CMD ["/opt/app/bin/start_server", "foreground"]
You don’t necessarily need to deploy outside K8s, just find a way to disable k8s DNS lookups from those specific pods. That’s achieved by making sure that the resolv.conf file that ends up in each pod is just using a normal DNS server instead of your pod local one. I don’t recall how to configure that off the top of my head though sorry.
You don’t need to create new images just for debugging, what I suggest is connecting to an existing image and installing the packages for debugging there.

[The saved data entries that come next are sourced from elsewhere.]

(* Let $d\ge2$ and let $O_+$ be the operator on $(\mathbb{C}^d)^{\otimes3}$ given by $O_+=\sum_{\vec a\in\mathbb{Z}_d^3}O_+(\vec a)|\vec a\rangle\langle\vec a|$ with $O_+(\vec a)=1+(-d)^{wt(\vec a)-1}$. Define $Q_3=O_+^2$; $Q_4=\sum_{\vec a\in\mathbb{Z}_d^4}O_+(a_1a_2a_3)O_+(a_1a_2a_4)|\vec a\rangle\langle\vec a|$; $Q_5=\sum_{\vec a\in\mathbb{Z}_d^5}O_+(a_1a_2a_3)O_+(a_1a_4a_5)|\vec a\rangle\langle\vec a|$; $Q_6=O_+\otimes O_+=\sum_{\vec a\in\mathbb{Z}_d^6}O_+(a_1a_2a_3)O_+(a_4a_5a_6)|\vec a\rangle\langle\vec a|$. Then for each $t\in\{3,4,5,6\}$ there exists $d_0$ such that for all $d\ge d_0$ and every conjugacy class $\xi$ of $S_t$, $\sum_{\pi\in\xi}\mathrm{Tr}[W_\pi Q_t]>0$.
   Context: For a 3-dit string $\vec a=(a_1,a_2,a_3)$, $wt(\vec a)$ is the largest number of equal entries: $wt=1$ if all entries are distinct, $wt=2$ if exactly two coincide, $wt=3$ if all three coincide; so $O_+(\vec a)$ equals $2$, $1-d$, $1+d^2$ respectively. $O_+(a_ia_ja_k)$ means $O_+$ evaluated on the string $(a_i,a_j,a_k)$. $W_\pi$ ($\pi\in S_t$) is the permutation operator on $(\mathbb{C}^d)^{\otimes t}$ permuting tensor factors. *)

From HB Require Import structures.
From mathcomp Require Import all_boot all_order all_algebra all_fingroup.
Set Implicit Arguments. Unset Strict Implicit. Unset Printing Implicit Defensive.
Import Order.TTheory GRing.Theory Num.Theory.
Local Open Scope ring_scope.

(* Operators on (C^d)^{\otimes t} are represented by their matrices in the
   computational basis |a>, a : {ffun 'I_t -> 'I_d} (a_i = a (i-1)).
   All matrices involved have integer entries, so we work over int. *)
Definition kmx (T : finType) := T -> T -> int.

Definition kmul (T : finType) (A B : kmx T) : kmx T :=
  fun x y => \sum_(z : T) A x z * B z y.

Definition ktrace (T : finType) (A : kmx T) : int := \sum_(x : T) A x x.

Definition kdiag (T : finType) (q : T -> int) : kmx T :=
  fun x y => (x == y)%:R * q x.

Definition Wperm (t d : nat) (pi : {perm 'I_t}) : kmx {ffun 'I_t -> 'I_d} :=
  fun x y => (x == [ffun i => y ((pi^-1)%g i)])%:R.

Definition wt3 (d : nat) (x y z : 'I_d) : nat :=
  if (x == y) && (y == z) then 3%N
  else if [|| x == y, y == z | x == z] then 2%N else 1%N.

Definition Oplus (d : nat) (x y z : 'I_d) : int :=
  1 + (- (d%:Z)) ^+ (wt3 x y z).-1.

(* a_k for a 1-based index k *)
Definition ent (t d : nat) (a : {ffun 'I_t.+1 -> 'I_d}) (k : nat) : 'I_d :=
  a (inord k.-1).

Definition q3 (d : nat) (a : {ffun 'I_3 -> 'I_d}) : int :=
  (Oplus (ent a 1) (ent a 2) (ent a 3)) ^+ 2.
Definition q4 (d : nat) (a : {ffun 'I_4 -> 'I_d}) : int :=
  Oplus (ent a 1) (ent a 2) (ent a 3) * Oplus (ent a 1) (ent a 2) (ent a 4).
Definition q5 (d : nat) (a : {ffun 'I_5 -> 'I_d}) : int :=
  Oplus (ent a 1) (ent a 2) (ent a 3) * Oplus (ent a 1) (ent a 4) (ent a 5).
Definition q6 (d : nat) (a : {ffun 'I_6 -> 'I_d}) : int :=
  Oplus (ent a 1) (ent a 2) (ent a 3) * Oplus (ent a 4) (ent a 5) (ent a 6).

Definition Qop (t d : nat) (q : {ffun 'I_t -> 'I_d} -> int) :=
  kdiag q.

Definition class_sums_eventually_pos (t : nat)
    (q : forall d : nat, {ffun 'I_t -> 'I_d} -> int) : Prop :=
  exists d0 : nat, forall d : nat, (d0 <= d)%N -> (2 <= d)%N ->
    forall xi : {set {perm 'I_t}}, xi \in classes [set: {perm 'I_t}] ->
      0 < \sum_(pi in xi) ktrace (kmul (@Wperm t d pi) (Qop (q d))).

ok, did you try to test the API you are calling? Is it possible that they are not able to handle the load you are putting on them? I would use some outside tool like ab for example to verify that you are not getting the same timeouts.
a) they can handle millions of requests a second (they’re data APIs)

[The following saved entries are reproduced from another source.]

(* Let $K_1,\dots,K_n\subset\mathbb R^d$ be convex bodies such that $K:=K_1\cap\dots\cap K_n$ satisfies $\dim(K)<d$. Suppose $x\in K$ lies in the boundary of every $K_i$, $i=1,\dots,n$. Then there exist nonempty finite collections of closed half-spaces $\{H^+(i,j)\}_{j\in J_i}$, $i=1,\dots,n$, such that for all $i$ and $j\in J_i$ the boundary hyperplane of $H^+(i,j)$ is a supporting hyperplane of $K_i$ at $x$ (with $K_i\subset H^+(i,j)$), and $$\dim\Big(\bigcap_{j\in J_1}H^+(1,j)\cap\dots\cap\bigcap_{j\in J_n}H^+(n,j)\Big)<d.$$
   Context: A convex body is a nonempty compact convex subset of $\mathbb R^d$; the dimension of a convex set is the dimension of its affine hull. *)

From HB Require Import structures.
From mathcomp Require Import all_boot all_order all_algebra.
From mathcomp Require Import all_classical all_reals all_analysis.
Set Implicit Arguments. Unset Strict Implicit. Unset Printing Implicit Defensive.
Import Order.TTheory GRing.Theory Num.Theory.
Import numFieldNormedType.Exports.
Local Open Scope classical_set_scope.
Local Open Scope ring_scope.

(* Euclidean space R^d is modelled as row vectors 'rV[R]_d (R : realType),
   with the product/normed topology of mathcomp-analysis. *)

Section Defs.
Variables (R : realType) (d : nat).
Local Notation V := 'rV[R]_d.

Definition dotp (u v : V) : R := (u *m v^T) 0 0.

Definition convex_set (A : set V) : Prop :=
  forall u v t, A u -> A v -> 0 <= t -> t <= 1 -> A (t *: u + (1 - t) *: v).

Definition convex_body (A : set V) : Prop :=
  A !=set0 /\ compact A /\ convex_set A.

Definition boundary (A : set V) : set V := closure A `\` A°.

(* dimension of the affine hull of A: the dimension of the linear span of
   the difference vectors y - x (x, y in A); it is the largest dimension of
   the span of a finite family of such differences (bounded by d). *)
Definition diffs_of (A : set V) (s : seq V) : Prop :=
  forall v, v \in s -> exists x y, A x /\ A y /\ v = y - x.

Definition affdim (A : set V) : nat :=
  \big[maxn/0%N]_(k < d.+1 | `[< exists s, diffs_of A s /\ \dim (span s) = k >]) k.

Definition halfspace (h : V * R) : set V := [set y | dotp h.1 y <= h.2].

Definition supporting_halfspace (A : set V) (x : V) (h : V * R) : Prop :=
  h.1 != 0 /\ A `<=` halfspace h /\ dotp h.1 x = h.2.

End Defs.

b) if it were the API then simply multiplying the number of running apps on a single node wouldnt get wildly improved results
I will try. I just realized that Tesla uses a pool by default even though hackney by default doesn’t use a pool.
So this entire time its been using a pool which has thrown off my mental model. Now that I know it IS using a pool and failing, I decided to test the pool settings.
The default connections is 50 with a timeout of 15 second I believe… I tried setting it to 200 with a timeout of 1 second.
You can see a pool def helped. I suppose ill try to see the max pool i can get on a single app instance. When I did this before I remember getting decreasing performance past a certain number, I thought it was 200 or so.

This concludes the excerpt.